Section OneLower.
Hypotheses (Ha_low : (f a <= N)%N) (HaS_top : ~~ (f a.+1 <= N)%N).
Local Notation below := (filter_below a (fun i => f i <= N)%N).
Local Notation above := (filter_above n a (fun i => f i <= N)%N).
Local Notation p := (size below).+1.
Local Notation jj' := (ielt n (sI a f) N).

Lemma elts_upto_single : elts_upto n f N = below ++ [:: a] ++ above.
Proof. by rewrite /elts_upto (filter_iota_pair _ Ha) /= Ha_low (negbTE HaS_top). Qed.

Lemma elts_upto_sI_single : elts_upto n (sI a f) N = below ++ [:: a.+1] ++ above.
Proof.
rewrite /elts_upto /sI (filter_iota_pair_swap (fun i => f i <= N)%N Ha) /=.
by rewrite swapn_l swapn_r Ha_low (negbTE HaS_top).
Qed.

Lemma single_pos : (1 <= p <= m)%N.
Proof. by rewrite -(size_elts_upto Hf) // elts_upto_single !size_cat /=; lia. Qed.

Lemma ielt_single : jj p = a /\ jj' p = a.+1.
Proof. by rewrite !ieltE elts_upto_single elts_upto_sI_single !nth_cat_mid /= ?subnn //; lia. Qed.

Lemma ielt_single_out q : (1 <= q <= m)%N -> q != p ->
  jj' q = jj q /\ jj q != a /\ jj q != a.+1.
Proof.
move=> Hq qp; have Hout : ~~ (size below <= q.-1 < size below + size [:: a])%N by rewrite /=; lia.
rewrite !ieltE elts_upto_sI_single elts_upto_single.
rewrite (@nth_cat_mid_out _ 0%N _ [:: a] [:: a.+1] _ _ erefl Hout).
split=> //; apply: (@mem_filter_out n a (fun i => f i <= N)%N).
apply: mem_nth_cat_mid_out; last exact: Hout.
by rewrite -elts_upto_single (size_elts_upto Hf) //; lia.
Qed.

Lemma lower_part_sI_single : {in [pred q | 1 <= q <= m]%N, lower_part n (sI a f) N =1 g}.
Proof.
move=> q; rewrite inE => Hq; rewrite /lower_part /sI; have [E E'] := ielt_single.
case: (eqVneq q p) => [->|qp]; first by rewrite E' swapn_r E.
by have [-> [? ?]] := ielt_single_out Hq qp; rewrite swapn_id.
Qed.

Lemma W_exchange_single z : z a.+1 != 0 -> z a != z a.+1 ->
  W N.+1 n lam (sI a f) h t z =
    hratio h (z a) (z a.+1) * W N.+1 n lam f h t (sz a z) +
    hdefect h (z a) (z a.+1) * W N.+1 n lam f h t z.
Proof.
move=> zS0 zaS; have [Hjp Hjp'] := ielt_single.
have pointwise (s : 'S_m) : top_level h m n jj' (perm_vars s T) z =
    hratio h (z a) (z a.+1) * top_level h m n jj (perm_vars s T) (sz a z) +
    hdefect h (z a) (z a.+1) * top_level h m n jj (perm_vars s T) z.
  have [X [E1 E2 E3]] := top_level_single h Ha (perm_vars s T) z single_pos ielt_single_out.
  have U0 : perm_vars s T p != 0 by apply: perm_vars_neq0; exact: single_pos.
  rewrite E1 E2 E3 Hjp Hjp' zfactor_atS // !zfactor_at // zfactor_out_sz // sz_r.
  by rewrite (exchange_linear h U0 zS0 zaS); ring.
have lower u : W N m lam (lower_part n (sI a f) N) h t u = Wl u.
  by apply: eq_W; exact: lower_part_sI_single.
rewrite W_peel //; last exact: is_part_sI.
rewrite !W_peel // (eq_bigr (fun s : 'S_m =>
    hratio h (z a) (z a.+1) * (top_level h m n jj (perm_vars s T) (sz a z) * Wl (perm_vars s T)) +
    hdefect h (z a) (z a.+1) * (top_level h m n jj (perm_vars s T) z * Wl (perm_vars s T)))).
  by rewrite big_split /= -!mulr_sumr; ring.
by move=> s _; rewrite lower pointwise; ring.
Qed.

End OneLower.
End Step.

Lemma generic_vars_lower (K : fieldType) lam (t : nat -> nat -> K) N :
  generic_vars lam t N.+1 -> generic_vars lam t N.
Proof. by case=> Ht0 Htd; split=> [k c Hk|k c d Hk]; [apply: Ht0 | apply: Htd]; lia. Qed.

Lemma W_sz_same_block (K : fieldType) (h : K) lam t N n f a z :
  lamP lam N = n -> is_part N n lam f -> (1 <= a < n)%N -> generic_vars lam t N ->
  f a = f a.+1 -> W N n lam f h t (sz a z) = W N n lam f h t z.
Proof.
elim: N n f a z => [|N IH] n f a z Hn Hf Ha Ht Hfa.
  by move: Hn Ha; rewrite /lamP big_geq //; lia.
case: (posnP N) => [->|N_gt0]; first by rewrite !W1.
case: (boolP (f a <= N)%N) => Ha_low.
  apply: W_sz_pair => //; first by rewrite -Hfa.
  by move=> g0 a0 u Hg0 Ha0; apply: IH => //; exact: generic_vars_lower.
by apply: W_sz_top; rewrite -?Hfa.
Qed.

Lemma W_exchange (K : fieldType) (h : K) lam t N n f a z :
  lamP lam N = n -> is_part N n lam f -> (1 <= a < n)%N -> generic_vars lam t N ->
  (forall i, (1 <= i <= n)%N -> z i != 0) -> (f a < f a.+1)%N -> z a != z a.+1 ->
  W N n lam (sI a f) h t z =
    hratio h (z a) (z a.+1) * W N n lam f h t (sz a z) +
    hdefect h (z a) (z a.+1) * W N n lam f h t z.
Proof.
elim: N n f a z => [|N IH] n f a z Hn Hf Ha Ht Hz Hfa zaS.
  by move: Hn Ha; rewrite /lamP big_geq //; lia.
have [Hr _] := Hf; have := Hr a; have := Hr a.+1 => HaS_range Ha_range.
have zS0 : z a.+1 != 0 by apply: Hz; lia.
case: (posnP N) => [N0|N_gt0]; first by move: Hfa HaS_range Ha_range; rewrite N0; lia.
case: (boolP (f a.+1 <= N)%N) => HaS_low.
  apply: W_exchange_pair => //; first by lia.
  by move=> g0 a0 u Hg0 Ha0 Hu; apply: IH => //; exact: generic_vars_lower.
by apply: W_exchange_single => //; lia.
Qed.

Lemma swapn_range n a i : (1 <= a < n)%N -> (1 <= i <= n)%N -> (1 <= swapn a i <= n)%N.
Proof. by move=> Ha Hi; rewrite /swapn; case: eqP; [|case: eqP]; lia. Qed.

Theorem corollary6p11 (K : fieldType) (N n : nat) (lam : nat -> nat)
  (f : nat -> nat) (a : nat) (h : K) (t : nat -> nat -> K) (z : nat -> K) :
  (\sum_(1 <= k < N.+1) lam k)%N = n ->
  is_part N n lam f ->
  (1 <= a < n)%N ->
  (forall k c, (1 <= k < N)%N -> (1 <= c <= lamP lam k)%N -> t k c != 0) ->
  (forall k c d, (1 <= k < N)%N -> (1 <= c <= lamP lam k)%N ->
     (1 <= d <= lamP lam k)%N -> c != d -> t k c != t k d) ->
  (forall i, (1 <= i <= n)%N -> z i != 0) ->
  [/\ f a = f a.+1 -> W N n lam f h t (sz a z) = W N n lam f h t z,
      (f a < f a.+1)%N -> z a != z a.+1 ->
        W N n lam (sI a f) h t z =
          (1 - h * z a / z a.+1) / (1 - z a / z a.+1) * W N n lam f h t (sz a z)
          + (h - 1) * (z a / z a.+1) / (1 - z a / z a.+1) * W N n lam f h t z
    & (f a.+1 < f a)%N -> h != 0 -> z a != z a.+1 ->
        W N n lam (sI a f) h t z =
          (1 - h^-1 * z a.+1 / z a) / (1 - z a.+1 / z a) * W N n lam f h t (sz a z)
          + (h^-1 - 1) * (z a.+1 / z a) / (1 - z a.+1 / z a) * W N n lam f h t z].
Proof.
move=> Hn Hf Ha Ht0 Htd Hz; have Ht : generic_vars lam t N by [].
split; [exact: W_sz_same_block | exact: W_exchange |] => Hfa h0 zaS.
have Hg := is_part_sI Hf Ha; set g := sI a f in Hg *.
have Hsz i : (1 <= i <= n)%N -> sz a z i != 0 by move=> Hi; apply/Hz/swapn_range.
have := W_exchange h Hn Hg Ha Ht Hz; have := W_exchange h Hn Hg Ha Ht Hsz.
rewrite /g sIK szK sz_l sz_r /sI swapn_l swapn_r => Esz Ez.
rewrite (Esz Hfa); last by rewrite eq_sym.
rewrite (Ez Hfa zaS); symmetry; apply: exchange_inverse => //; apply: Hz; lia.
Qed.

TASK OBJECTIVE: Some lines of the data above may hold the word "below"; state how many do, and give only that number.

RESULT FOR THIS TASK: 5